A Fernando Palazzi                                                                 Carpineti

                                                                                               29 Agosto 1915

 

non sono morto, come forse sospetti, e ti voglio sempre lo stesso bene, ma che vuoi? Ho sulle spalle tre mesi di vita di caserma, prima come volontario, poi come sottotenente. Se tu mi vedessi ora, coi baffetti, con la zucca rasata, in divisa grigio-verde, ti meraviglieresti delle mie arie bellicose e del mio piglio militaresco. Sono irriconoscibile. Letteratura? Non ho mai conosciuto codesta signora. Finalmente, dopo tanto sospirare parto domani per il fronte. Raggiungo il 125° reggimento fanteria. Vado a Plava, nell’alto Isonzo. Aspettando l’ora della partenza mi ricordo a qualche amico e a te per il primo. Avrei parecchie cose da raccomandarti sul conto mio, ma non ho testa al posto per farlo. L’idea che vado alla guerra mi esalta e mi riempie d’esultanza. Sono felice, felice a combattere. Chi m’avrebbe detto che un giorno sarei andato incontro alla morte come Mameli, Manara, Medici; che avrei combattuto in una guerra del risorgimento, con lo stesso animo dei garibaldini, con le loro stesse canzoni, contro lo stesso nemico! Ancora mi sembra un sogno. Ma poi non c’è niente di più bello che schierarsi contro questi orribili barbari che hanno premeditato per quarant’anni l’assassinio di tutta l’Europa. Bisogna punirli e ridurli alla impotenza. Ho il cuore ricolmo di sdegno contro questi mostri.

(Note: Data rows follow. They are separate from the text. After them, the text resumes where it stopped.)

(* Let $\sigma$ be an automorphism of $D$, let $B$ be a subring of $D$ such that $D$ is a free right $B$-module of finite rank, and let $f\in D[t;\sigma,\delta]$ be monic of degree $m\ge2$ and $B$-weak semi-invariant. Then $S_f$ is a division algebra if and only if $f$ is irreducible. In particular, if $\sigma$ is an automorphism of $D$ and $f$ is right semi-invariant, then $S_f$ is a division algebra if and only if $f$ is irreducible.
   Context: $D$ is an associative division ring, $\sigma$ a ring endomorphism of $D$, $\delta$ a left $\sigma$-derivation. $D[t;\sigma,\delta]$ is the skew polynomial ring with $ta=\sigma(a)t+\delta(a)$. For monic $f$ of degree $m$, $S_f$ is the set of polynomials of degree $<m$ with multiplication $g\circ h=$ remainder of $gh$ upon right division by $f$. $f$ is $B$-weak semi-invariant if $fB\subseteq Df$, and right semi-invariant if $fD\subseteq Df$. $f$ is irreducible if it is not a unit and has no factorization $f=gh$ with $\deg g,\deg h<\deg f$. $S_f$ is a division algebra if left and right multiplication by every nonzero element are bijective. *)

(* Skew polynomial ring D[t; sigma, delta] over an
   associative division ring D, represented by coefficient sequences
   ({poly D}: p = \sum_i p`_i t^i, coefficients on the LEFT of t^i),
   with a hand-defined skew multiplication obeying t a = sigma(a) t + delta(a). *)
From HB Require Import structures.
From mathcomp Require Import all_boot all_order all_algebra.
Set Implicit Arguments. Unset Strict Implicit. Unset Printing Implicit Defensive.
Import Order.TTheory GRing.Theory.
Local Open Scope ring_scope.

Section Skew.
Variable D : unitRingType.
Variables (sigma delta : D -> D).

Definition division_ring := forall x : D, x != 0 -> x \is a GRing.unit.

Definition left_sigma_derivation :=
  (forall a b : D, delta (a + b) = delta a + delta b) /\
  (forall a b : D, delta (a * b) = sigma a * delta b + delta a * b).

(* left multiplication by t:  t * (\sum a_i t^i) = \sum (sigma(a_i) t^(i+1) + delta(a_i) t^i) *)
Definition tmul (p : {poly D}) : {poly D} :=
  'X * map_poly sigma p + map_poly delta p.

Definition skew_mul (p q : {poly D}) : {poly D} :=
  \sum_(i < size p) (p`_i)%:P * iter (nat_of_ord i) tmul q.

(* degree, with deg 0 = 0 (irrelevant for the statement since f is monic) *)
Definition sdeg (p : {poly D}) : nat := (size p).-1.

Definition skew_unit (p : {poly D}) :=
  exists u, skew_mul p u = 1 /\ skew_mul u p = 1.

Definition skew_irreducible (f : {poly D}) :=
  ~ skew_unit f /\
  ~ (exists g h, f = skew_mul g h /\ sdeg g < sdeg f /\ sdeg h < sdeg f)%N.

Fixpoint srem_rec (f : {poly D}) (n : nat) (p : {poly D}) : {poly D} :=
  match n with
  | 0 => p
  | n'.+1 =>
      if (size p < size f)%N then p
      else srem_rec f n'
             (p - skew_mul ((lead_coef p)%:P * 'X^(size p - size f)) f)
  end.

Definition srem (f p : {poly D}) : {poly D} := srem_rec f (size p) p.

Definition sf_mul (f g h : {poly D}) : {poly D} := srem f (skew_mul g h).

Definition in_Sf (f p : {poly D}) : bool := (size p < size f)%N.

Definition Sf_division (f : {poly D}) :=
  forall g, in_Sf f g -> g != 0 ->
    (forall r, in_Sf f r -> exists! h, in_Sf f h /\ sf_mul f g h = r) /\
    (forall r, in_Sf f r -> exists! h, in_Sf f h /\ sf_mul f h g = r).

Definition weak_semi_invariant (B : {pred D}) (f : {poly D}) :=
  forall b, b \in B -> exists d : D, skew_mul f b%:P = skew_mul d%:P f.

Definition right_semi_invariant (f : {poly D}) :=
  forall b : D, exists d : D, skew_mul f b%:P = skew_mul d%:P f.

Definition free_right_module_finite_rank (B : {pred D}) :=
  exists (n : nat) (e : 'I_n -> D),
    (forall x : D, exists b : 'I_n -> D,
        (forall i, b i \in B) /\ x = \sum_(i < n) e i * b i) /\
    (forall b : 'I_n -> D, (forall i, b i \in B) ->
        \sum_(i < n) e i * b i = 0 -> forall i, b i = 0).

End Skew.

From HB Require Import structures.
From mathcomp Require Import all_boot all_order all_algebra.
From mathcomp Require Import zify.
Set Implicit Arguments. Unset Strict Implicit. Unset Printing Implicit Defensive.
Import Order.TTheory GRing.Theory.
Local Open Scope ring_scope.

(* If [f = g h] with [deg g, deg h < deg f], then [g] is a zero divisor of [S_f], and [f] is
   not a unit for degree reasons.  Conversely, let [f] be irreducible.  Euclid's algorithm for
   right division shows that every nonzero [h] of degree [< deg f] satisfies a Bezout identity
   [1 = p h + q f]; so if [g h] lay in [D[t] f] for nonzero [g] of degree [< deg f], every
   element of [S_f] would be the remainder of some [s h] with [deg s < deg g], too few for the
   [m]-dimensional left [D]-space [S_f].  Hence left and right multiplication by a nonzero
   element of [S_f] are injective.  Right multiplication is left [D]-linear and, as [f B] lies
   in [D f], left multiplication is right [B]-linear.  When [sigma] is bijective, the
   [t^i e_j] form a basis of [S_f] over [B] (which is then a division ring), so both maps
   are injective endomorphisms of free modules of finite rank over a division ring, hence
   bijective.  The second statement is the case [B = D]. *)

(** * Linear algebra over a division subring *)

Lemma predT_divring_closed (R : unitRingType) : divring_closed (predT : {pred R}).
Proof. by []. Qed.

Section DivisionSubring.

Variables (R : unitRingType) (K : {pred R}).
Hypothesis K_divring : divring_closed K.
HB.instance Definition _ := GRing.isDivringClosed.Build R K K_divring.
Hypothesis K_unit : {in K, forall a, a != 0 -> a \is a GRing.unit}.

Viva la libertà! Viva la giustizia! La nostra causa è santa.

Dal fronte ti scriverò, se avrò tempo, o in ogni modo ti manderò qualche saluto. Poi se tornerò, parleremo di tutto, rideremo, vivremo in pace, sereni, felici, e discuteremo di letteratura e anche di teologia. Perché non ho rinunciato di persuaderti. Ho convertito già molti più duri di te.

Tu sei buono, e questo è tutto, è il fondamento della verità.

Abbiti un lungo abbraccio. Bacia per me la Emilia, sempre amatissima, e la tua Simona, che ormai sarà una donna adulta. Parlale un po’ di me. Descrivimi come un guerriero tutto lucente. A rivederci.

Pensa spesso al tuo Giosuè

 

 

A Ettore Romagnoli                                                                Padova

                                                                                            30 Agsto 2015

 

Ettore caro,

parto stasera per il fronte. Sono sottotenente di fanteria nel 125° reggimento.

Sono diretto a Plava, sull’alto Isonzo. Spero di poterti salutare domattina al mio passaggio da Padova. Se non fosse possibile, ti mando in fretta questo mio saluto.

Sono felice di andare a combattere. Da tre mesi sono sotto la armi e sospiro questo giorno. Al mio ritorno mi fermerò a raccontarti la nostra entrata a Trieste.

Saluta caramente la tua buona mamma, ricordami a tutti gli amici. Mia madre è più intrepida d’una madre spartana, e mi vede partire con gioia, benedicendomi e dicendomi di fare tutto il mio dovere.

Puoi figurarti se lo farò. Ho il cuore ricolmo di sdegno e di disprezzo per questi barbari abbietti che hanno affogato l’Europa nel sangue. Viva la giustizia, viva la libertà, viva l’Italia!

Vedrai che vinceremo. Il Signore ci aiuterà.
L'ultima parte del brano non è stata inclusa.